● WHAT YOU WILL DO:
Your answer must hold only the lines below from the line containing "intros Hc Hx. split; intros H." through the line containing "Lemma fD_on_theta_level (alpha", each reproduced exactly.

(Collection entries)
(* Let $\alpha,\beta,\gamma,\varepsilon>0$, $0<\mu<1$, $\eta>1$, $\eta_D>1$, and consider the system of ODEs for $x=(V,S,D)$: \[ \dot V=\alpha(1-\mu)V\,\Omega(x)-\varepsilon V,\qquad \dot S=\beta VS\,\theta(x)-\varepsilon S,\qquad \dot D=(\alpha\mu+\gamma D)V\,\theta(x)-\varepsilon D, \] where $\Omega(x)=1-V-\eta S-\eta_D D$ and $\theta(x)=1-V-S-D$. Set $\sigma=1-\frac{\varepsilon}{\alpha(1-\mu)}$ and assume $\mu<1-\frac{\varepsilon}{\alpha}$ (equivalently $\sigma>0$). Let $\mathcal U=\{(V,S,D): V,S,D\ge0,\ V+S+D\le1\}$. Then a point $Q=(V_2,S_2,D_2)$ with $V_2,S_2,D_2>0$ is an equilibrium point of the system if and only if $Q\in\mathcal U$ and the following hold: (i) $D_2=\dfrac{\alpha\mu}{\beta-\gamma}$, which necessarily requires $\beta>\gamma$; moreover necessarily $D_2<\sigma/\eta_D$; (ii) $0<V_2<\sigma$ is a root of $V^2+MV+m=0$, where \[ M=\frac{\sigma-(\eta_D-\eta)D_2-\eta}{\eta-1},\qquad m=\frac{\eta\varepsilon}{\beta(\eta-1)}>0, \] i.e. $V_2=V_2^{\pm}=\frac{-M\pm\sqrt{M^2-4m}}{2}$, provided $M^2-4m\ge0$; (iii) $0<S_2<1$ is given by $S_2=1-V_2-D_2-\dfrac{\varepsilon}{\beta V_2}$.
   Context: $V$, $S$, $D$ are the normalised concentrations of a helper virus, a satellite RNA, and defective interfering RNAs respectively; a point $Q$ with all three components positive is called a coexistence equilibrium. An equilibrium point is a zero of the right-hand side of the system. *)

From Stdlib Require Import Reals.
Open Scope R_scope.

Definition Omega (eta etaD V S D : R) : R := 1 - V - eta * S - etaD * D.
Definition theta (V S D : R) : R := 1 - V - S - D.

Definition fV (alpha mu eps eta etaD V S D : R) : R :=
  alpha * (1 - mu) * V * Omega eta etaD V S D - eps * V.
Definition fS (beta eps V S D : R) : R :=
  beta * V * S * theta V S D - eps * S.
Definition fD (alpha mu gamma eps V S D : R) : R :=
  (alpha * mu + gamma * D) * V * theta V S D - eps * D.

Definition is_equilibrium (alpha beta gamma eps mu eta etaD V S D : R) : Prop :=
  fV alpha mu eps eta etaD V S D = 0 /\
  fS beta eps V S D = 0 /\
  fD alpha mu gamma eps V S D = 0.

Definition in_U (V S D : R) : Prop :=
  0 <= V /\ 0 <= S /\ 0 <= D /\ V + S + D <= 1.

Definition sigmaVSD (alpha mu eps : R) : R := 1 - eps / (alpha * (1 - mu)).

Definition Mcoef (alpha mu eps eta etaD D2 : R) : R :=
  (sigmaVSD alpha mu eps - (etaD - eta) * D2 - eta) / (eta - 1).

Definition mcoef (beta eps eta : R) : R := eta * eps / (beta * (eta - 1)).

From Stdlib Require Import Reals Lra.
Open Scope R_scope.

(* For V, S > 0 the first two equations say exactly Omega = eps / (alpha (1 - mu)) = 1 - sigma
   and theta = eps / (beta V).  On that level set of theta the third equation becomes
   (eps / beta) (alpha mu - (beta - gamma) D) = 0, which pins down D.  Eliminating S from
   Omega = 1 - sigma with theta = eps / (beta V) and multiplying by V / (eta - 1) gives the
   quadratic V^2 + M V + m = 0, whose roots are read off from (2 V + M)^2 = M^2 - 4 m.
   The bounds on V and D come from V + eta S + eta_D D = sigma with positive summands. *)

Lemma mul_sub_eq0_iff (c x y e : R) :
  c <> 0 -> x <> 0 -> c * x * y - e * x = 0 <-> y = e / c.
Proof.
  intros Hc Hx. split; intros H.
  - replace (c * x * y - e * x) with (x * (c * y - e)) in H by ring.
    destruct (Rmult_integral _ _ H) as [Hx0 | Hy]; [contradiction|].
    replace y with (c * y / c) by (field; auto).
    now replace (c * y) with e by lra.
  - subst y. field. auto.
Qed.

Lemma theta_level_iff (beta eps V S D : R) :
  theta V S D = eps / (beta * V) <-> S = 1 - V - D - eps / (beta * V).
Proof. unfold theta. lra. Qed.

Lemma fD_on_theta_level (alpha beta gamma mu eps V S D : R) :
  beta <> 0 -> V <> 0 -> S = 1 - V - D - eps / (beta * V) ->
  fD alpha mu gamma eps V S D = eps / beta * (alpha * mu - D * (beta - gamma)).
Proof. intros Hb HV HS. unfold fD. rewrite (proj2 (theta_level_iff _ _ _ _ _) HS). field. auto. Qed.

Lemma equilibrium_iff_levels (alpha beta gamma eps mu eta etaD V S D : R) :
  alpha * (1 - mu) <> 0 -> 0 < beta -> 0 < eps -> 0 < V -> 0 < S ->
  is_equilibrium alpha beta gamma eps mu eta etaD V S D <->
  Omega eta etaD V S D = 1 - sigmaVSD alpha mu eps /\
  S = 1 - V - D - eps / (beta * V) /\
  D * (beta - gamma) = alpha * mu.
Proof.
  intros Hc Hb He HV HS.
  assert (HbV : beta * V <> 0) by nra.
  assert (Hk : 1 - sigmaVSD alpha mu eps = eps / (alpha * (1 - mu)))
    by (unfold sigmaVSD; ring).
  assert (Hscale : eps / beta <> 0) by (apply Rgt_not_eq, Rdiv_lt_0_compat; lra).
  unfold is_equilibrium, fV, fS.
  rewrite Hk, (mul_sub_eq0_iff _ V) by lra.
  rewrite (mul_sub_eq0_iff (beta * V) S), theta_level_iff by lra.
  split; intros (HO & HT & HD); repeat split; auto.
  - rewrite (fD_on_theta_level _ beta) in HD by (auto; lra).
    destruct (Rmult_integral _ _ HD); [contradiction | lra].
  - rewrite (fD_on_theta_level _ beta), HD by (auto; lra). ring.
Qed.

Lemma Omega_level_quadratic_identity (alpha beta eps mu eta etaD V S D : R) :
  eta <> 1 -> beta <> 0 -> V <> 0 -> S = 1 - V - D - eps / (beta * V) ->
  V * (Omega eta etaD V S D - (1 - sigmaVSD alpha mu eps)) =
  (eta - 1) * (V ^ 2 + Mcoef alpha mu eps eta etaD D * V + mcoef beta eps eta).
Proof.
  intros Heta Hb HV HS. subst S.
  unfold Omega, Mcoef, mcoef.
  set (sg := sigmaVSD alpha mu eps).
  field. repeat split; auto; lra.
Qed.

Lemma Omega_level_iff_quadratic (alpha beta eps mu eta etaD V S D : R) :
  eta <> 1 -> beta <> 0 -> V <> 0 -> S = 1 - V - D - eps / (beta * V) ->
  Omega eta etaD V S D = 1 - sigmaVSD alpha mu eps <->
  V ^ 2 + Mcoef alpha mu eps eta etaD D * V + mcoef beta eps eta = 0.
Proof.
  intros Heta Hb HV HS.
  pose proof (Omega_level_quadratic_identity alpha beta eps mu eta etaD V S D Heta Hb HV HS)
    as Hid.
  split; intros H.
  - rewrite H, Rminus_diag, Rmult_0_r in Hid.
    destruct (Rmult_integral _ _ (eq_sym Hid)); [lra | auto].
  - rewrite H, Rmult_0_r in Hid.
    destruct (Rmult_integral _ _ Hid); [contradiction | lra].
Qed.

Lemma Omega_level_bounds (eta etaD V S D sg : R) :
  0 < eta -> 0 < etaD -> 0 < V -> 0 < S -> 0 < D ->
  Omega eta etaD V S D = 1 - sg -> V < sg /\ D < sg / etaD.
Proof.
  unfold Omega. intros Heta HetaD HV HS HD HO. split.
  - nra.
  - apply (Rmult_lt_reg_r etaD); [lra|].
    unfold Rdiv. rewrite Rmult_assoc, Rinv_l by lra. nra.
Qed.

Lemma D_level_iff (alpha mu beta gamma D : R) :
  0 < alpha * mu -> 0 < D ->
  D * (beta - gamma) = alpha * mu <-> gamma < beta /\ D = alpha * mu / (beta - gamma).
Proof.
  intros Ham HD. split.
  - intros H.
    assert (Hgb : gamma < beta) by nra.
    split; [auto|]. rewrite <- H. field. lra.
  - intros (Hgb & ->). field. lra.
Qed.

Lemma mcoef_pos (beta eps eta : R) : 0 < beta -> 0 < eps -> 1 < eta -> 0 < mcoef beta eps eta.
Proof.
  intros Hb He Heta. unfold mcoef. apply Rdiv_lt_0_compat; [nra | apply Rmult_lt_0_compat; lra].
Qed.

Lemma quadratic_roots (b c x : R) :
  x ^ 2 + b * x + c = 0 ->
  0 <= b ^ 2 - 4 * c /\
  (x = (- b + sqrt (b ^ 2 - 4 * c)) / 2 \/ x = (- b - sqrt (b ^ 2 - 4 * c)) / 2).
Proof.
  intros H.
  replace (b ^ 2 - 4 * c) with ((2 * x + b) ^ 2) by nra.
  split; [apply pow2_ge_0|].
  rewrite <- Rsqr_pow2, sqrt_Rsqr_abs.
  unfold Rabs. destruct (Rcase_abs (2 * x + b)); [right | left]; lra.
Qed.

Theorem proposition2
  (alpha beta gamma eps mu eta etaD : R)
  (Halpha : 0 < alpha) (Hbeta : 0 < beta) (Hgamma : 0 < gamma) (Heps : 0 < eps)
  (Hmu0 : 0 < mu) (Hmu1 : mu < 1) (Heta : 1 < eta) (HetaD : 1 < etaD)
  (Hmu : mu < 1 - eps / alpha)
  (V2 S2 D2 : R) (HV2 : 0 < V2) (HS2 : 0 < S2) (HD2 : 0 < D2) :
  let sg := sigmaVSD alpha mu eps in
  let M := Mcoef alpha mu eps eta etaD D2 in
  let m := mcoef beta eps eta in
  is_equilibrium alpha beta gamma eps mu eta etaD V2 S2 D2 <->
  (in_U V2 S2 D2 /\
   (* (i) *)
   gamma < beta /\ D2 = alpha * mu / (beta - gamma) /\ D2 < sg / etaD /\
   (* (ii) *)
   0 < m /\ 0 < V2 /\ V2 < sg /\ V2 ^ 2 + M * V2 + m = 0 /\
   0 <= M ^ 2 - 4 * m /\
   (V2 = (- M + sqrt (M ^ 2 - 4 * m)) / 2 \/ V2 = (- M - sqrt (M ^ 2 - 4 * m)) / 2) /\
   (* (iii) *)
   0 < S2 /\ S2 < 1 /\ S2 = 1 - V2 - D2 - eps / (beta * V2)).
Proof.
  cbv zeta.
  assert (Hbeta0 : beta <> 0) by (apply Rgt_not_eq; lra).
  assert (HV20 : V2 <> 0) by (apply Rgt_not_eq; lra).
  assert (Heta1 : eta <> 1) by (apply Rgt_not_eq; lra).
  assert (Hq : 0 < eps / (beta * V2)) by (apply Rdiv_lt_0_compat; nra).
  assert (Hm : 0 < mcoef beta eps eta) by (apply mcoef_pos; auto).
  rewrite equilibrium_iff_levels, D_level_iff by (try apply Rgt_not_eq; nra).
  split.
  - intros (HO & HS & Hgb & HD).
    destruct (Omega_level_bounds eta etaD V2 S2 D2 (sigmaVSD alpha mu eps)) as [HVs HDs];
      [lra .. | assumption |].
    rewrite (Omega_level_iff_quadratic _ beta) in HO by assumption.
    destruct (quadratic_roots _ _ _ HO) as [Hdisc Hroots].
    unfold in_U. repeat split; auto; lra.
  - intros (_ & Hgb & HD & _ & _ & _ & _ & Hquad & _ & _ & _ & _ & HS).
    split; [rewrite (Omega_level_iff_quadratic _ beta) by assumption | split]; auto.
Qed.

● TASK RESULT:
  intros Hc Hx. split; intros H.
  - replace (c * x * y - e * x) with (x * (c * y - e)) in H by ring.
    destruct (Rmult_integral _ _ H) as [Hx0 | Hy]; [contradiction|].
    replace y with (c * y / c) by (field; auto).
    now replace (c * y) with e by lra.
  - subst y. field. auto.
Qed.

Lemma theta_level_iff (beta eps V S D : R) :
  theta V S D = eps / (beta * V) <-> S = 1 - V - D - eps / (beta * V).
Proof. unfold theta. lra. Qed.

Lemma fD_on_theta_level (alpha beta gamma mu eps V S D : R) :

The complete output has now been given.